I don't know whether they were 'happy' but quite a few Roman slaves, especially those who had valuable skills, were often able to have lives of secure contentment in conditions far, far better than many free-born (yet still dirt poor) citizens.
For example, Marcus Tullius Tiro, the personal slave of Cicero, was intelligent, educated ... and competent and trusted at managing his master's domestic and financial affairs. Cicero mentions him frequently in his writings and their relationship, while always cordial, at times seems to be one almost of friends. He was given his freedom in 53BC but still accompanied Cicero to his govenorship of Cilicia. Tiro was wealthy enough (through money earned as a slave and freedman, as well as bequests from Cicero) to be able to purchase a country estate near Puteoli where he lived out his retirement publishing his former master's collected works and writing numerous books of his own. It is also worth noting that while the 63 year old Cicero was brutally murdered on the orders of Mark Anthony - his head and hands cut off, and nailed to the Rostrum in the Forum Romanum - Tiro died peacefully on his estate at the ripe old age of 91.

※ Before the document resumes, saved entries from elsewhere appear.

(** * The code P(2_n) *)

(* Coordinates are 0-based: [mnm_at m p] is the exponent of t_{p+1} (or x_{p+1}). *)
Definition mnm_at s (m : 'X_{1..s.+1}) (p : nat) : nat := m (inord p).

Lemma mnm_atD s (a b : 'X_{1..s.+1}) p : mnm_at (a + b)%MM p = mnm_at a p + mnm_at b p.
Proof. by rewrite /mnm_at mnmDE. Qed.

Lemma mnm_at_U s p q : p < s.+1 -> q < s.+1 ->
  mnm_at (U_(inord p) : 'X_{1..s.+1})%MM q = (q == p).
Proof. by move=> hp hq; rewrite /mnm_at mnm1E -(inj_eq val_inj) /= !inordK // eq_sym. Qed.

Lemma mnm_at_ebv n a l : l < (2 * n).+1 -> mnm_at (ebv n a) l = (l == a).
Proof. by move=> hl; rewrite /mnm_at mnmE inordK. Qed.

Lemma mnmP_at s (a b : 'X_{1..s.+1}) :
  (forall t, t < s.+1 -> mnm_at a t = mnm_at b t) -> a = b.
Proof.
by move=> eq_ab; apply/mnmP => i; have := eq_ab i (ltn_ord i); rewrite /mnm_at inord_val.
Qed.

Lemma lepm_atP s (a b : 'X_{1..s.+1}) :
  reflect (forall t, t < s.+1 -> mnm_at a t <= mnm_at b t) (a <= b)%MM.
Proof.
apply: (iffP mnm_lepP) => [le_ab t ht|le_ab i]; first exact: le_ab.
by have := le_ab i (ltn_ord i); rewrite /mnm_at inord_val.
Qed.

Lemma sum_ord_delta N (f : 'I_N.+1 -> nat) p : p < N.+1 ->
  \sum_(i < N.+1) (i == p :> nat) * f i = f (inord p).
Proof.
move=> hp; rewrite (bigD1 (inord p)) //= inordK // eqxx mul1n big1 ?addn0 // => i.
by rewrite -(inj_eq val_inj) /= inordK // => /negbTE ->.
Qed.
(* In an increasing chain of positive integers, no adjacent pair straddles 0,
   so every adjacent pair is good. *)
Lemma good_adjacent_pairs_positive (good : Z -> Z -> bool) l : StronglySorted Z.lt l ->
  (forall e e', In e l -> In e' l -> (e < e')%Z -> good e e' = false -> (e < 0 < e')%Z) ->
  Forall (fun e => (0 < e)%Z) l ->
  adjacent_sum (fun e e' => indicator (good e e')) l >= INR (length l) - 1.
Proof.
  induction l as [|x [|y t] IH]; intros Hs Hg Hp; [simpl; lra|simpl; lra|].
  change (length (x :: y :: t)) with (S (length (y :: t))). rewrite S_INR.
  change (adjacent_sum ?g (x :: y :: t)) with (g x y + adjacent_sum g (y :: t)).
  inversion Hs as [|? ? Hs' Hf]; subst. inversion Hp as [|? ? Hx Hp']; subst.
  assert (Hxy : (x < y)%Z) by (inversion Hf; auto).
  unfold indicator at 1. destruct (good x y) eqn:G.
  - specialize (IH Hs' (fun e e' He He' => Hg e e' (or_intror He) (or_intror He')) Hp'). lra.
  - exfalso. specialize (Hg x y (or_introl eq_refl) (or_intror (or_introl eq_refl)) Hxy G). lia.
Qed.

Lemma good_adjacent_pairs (good : Z -> Z -> bool) l : StronglySorted Z.lt l ->
  (forall e e', In e l -> In e' l -> (e < e')%Z -> good e e' = false -> (e < 0 < e')%Z) ->
  adjacent_sum (fun e e' => indicator (good e e')) l >= INR (length l) - 2.
Proof.
  induction l as [|x [|y t] IH]; intros Hs Hg; [simpl; lra|simpl; lra|].
  change (length (x :: y :: t)) with (S (length (y :: t))). rewrite S_INR.
  change (adjacent_sum ?g (x :: y :: t)) with (g x y + adjacent_sum g (y :: t)).
  inversion Hs as [|? ? Hs' Hf]; subst.
  assert (Hxy : (x < y)%Z) by (inversion Hf; auto).
  assert (Hg' := fun e e' He He' => Hg e e' (or_intror He) (or_intror He')).
  unfold indicator at 1. destruct (good x y) eqn:G.
  - specialize (IH Hs' Hg'). lra.
  - assert (H := Hg x y (or_introl eq_refl) (or_intror (or_introl eq_refl)) Hxy G).
    assert (P : Forall (fun e => (0 < e)%Z) (y :: t)).
    { constructor; [lia|]. inversion Hs' as [|? ? _ Hf']; subst.
      eapply Forall_impl; [|exact Hf']. intros z Hz; simpl in Hz; lia. }
    assert (C := good_adjacent_pairs_positive good (y :: t) Hs' Hg' P). lra.
Qed.

Lemma roots_from_sign_changes (F : R -> R) (X : Z -> R) : continuity F ->
  (forall e e', (e < e')%Z -> X e < X e') ->
  forall l e, StronglySorted Z.lt (e :: l) -> exists roots : list R,
    NoDup roots /\ Forall (fun r => F r = 0) roots /\
    adjacent_sum (fun e e' => indicator (opposite_signs (F (X e)) (F (X e')))) (e :: l)
      <= INR (length roots) /\
    (forall r, In r roots -> X e < r).
Proof.
  intros HF HX. induction l as [|e' t IH]; intros e Hs.
  { exists []. repeat split; [constructor|constructor|simpl; lra|intros r []]. }
  inversion Hs as [|? ? Hs' Hf]; subst.
  assert (Hee : (e < e')%Z) by (inversion Hf; auto).
  destruct (IH e' Hs') as [roots [N1 [N2 [N3 N4]]]].
  simpl adjacent_sum. simpl adjacent_sum in N3.
  assert (HXe := HX e e' Hee).
  unfold indicator at 1, opposite_signs at 1.
  destruct (Rlt_dec (F (X e) * F (X e')) 0) as [Hneg|Hnn].
  - destruct (IVT_cor F (X e) (X e') HF (Rlt_le _ _ HXe) (Rlt_le _ _ Hneg)) as [z [Hz1 Hz2]].
    assert (z <> X e) by (intro E; subst; rewrite Hz2 in Hneg; lra).
    assert (z <> X e') by (intro E; subst; rewrite Hz2 in Hneg; lra).
    exists (z :: roots). split; [|split; [|split]].
    + constructor; auto. intro Hin. specialize (N4 z Hin). lra.
    + constructor; auto.
    + simpl length. rewrite S_INR. lra.
    + intros r [<-|Hr]; [lra|]. specialize (N4 r Hr). lra.
  - exists roots. repeat split; auto; [lra|].
    intros r Hr. specialize (N4 r Hr). lra.
Qed.
(* For every integer $n\ge0$, the Zernike polynomials $Z^{n,0},\dots,Z^{n,n}$ satisfy the first-order system $$\frac{\partial Z^{n,n}}{\partial z}=0,\qquad \frac{\partial Z^{n,k}}{\partial \bar z}+\frac{\partial Z^{n,k-1}}{\partial z}=0\ \ (k=1,\dots,n),\qquad \frac{\partial Z^{n,0}}{\partial \bar z}=0,$$ and the boundary conditions $Z^{n,k}(t,\bar t)=(-1)^k t^{\,n-2k}$ for all $|t|=1$ and $k=0,1,\dots,n$.
   Context: Identify $\mathbb R^2$ with $\mathbb C$ via $z=x^1+ix^2$, $\bar z=x^1-ix^2$, and use $\frac{\partial}{\partial z}=\frac12\big(\frac{\partial}{\partial x^1}-i\frac{\partial}{\partial x^2}\big)$, $\frac{\partial}{\partial \bar z}=\frac12\big(\frac{\partial}{\partial x^1}+i\frac{\partial}{\partial x^2}\big)$. Zernike polynomials (in the paper's numbering) are defined for integers $n\ge 0$, $0\le k\le n$ by $$Z^{n,k}(z,\bar z)=\sum_{s=0}^{k}\binom{k}{s}\binom{n-k}{s}z^{n-k-s}(1-z\bar z)^s(-\bar z)^{k-s}\quad\text{for }0\le k\le [n/2],$$ and $Z^{n,k}=(-1)^n\,\overline{Z^{n,n-k}}$ for $[n/2]<k\le n$, where $[\cdot]$ is the integer part. *)

From Stdlib Require Import Reals Arith.
From Coquelicot Require Import Coquelicot.
Open Scope R_scope.

Definition CC := Complex.C.

Fixpoint cpow (w : CC) (m : nat) : CC :=
  match m with O => RtoC 1 | S m' => Cmult w (cpow w m') end.

Fixpoint csum (f : nat -> CC) (k : nat) : CC :=
  match k with O => f O | S k' => Cplus (csum f k') (f k) end.

Definition binom (n k : nat) : R :=
  if Nat.leb k n then Binomial.C n k else 0.

Definition Zlow (n k : nat) (z : CC) : CC :=
  csum (fun s =>
    Cmult (RtoC (binom k s * binom (n - k) s))
      (Cmult (cpow z (n - k - s))
        (Cmult (cpow (Cminus (RtoC 1) (Cmult z (Cconj z))) s)
               (cpow (Copp (Cconj z)) (k - s))))) k.

Definition Zernike (n k : nat) (z : CC) : CC :=
  if Nat.leb k (Nat.div2 n) then Zlow n k z
  else Cmult (RtoC ((-1) ^ n)) (Cconj (Zlow n (n - k) z)).

Definition d1 (f : CC -> CC) (x1 x2 : R) : CC :=
  (Derive (fun t => fst (f (t, x2))) x1, Derive (fun t => snd (f (t, x2))) x1).
Definition d2 (f : CC -> CC) (x1 x2 : R) : CC :=
  (Derive (fun t => fst (f (x1, t))) x2, Derive (fun t => snd (f (x1, t))) x2).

Similar examples might be the emperor Claudius' secretary, the freedman Pallas, and Julius Caesar's secretary ... Ponsa was it? Indeed wasn't the majority of the 1st century Imperial 'civil service' comprised of slaves and ex-slaves ... all doing very nicely for themselves while remaining carefully aloof from the dangers of politics, senatorial intrigues and Imperial proscriptions? It was always the noble senators, their family and friends that actually got the chop ... very rarely was it the senator's current or former slaves.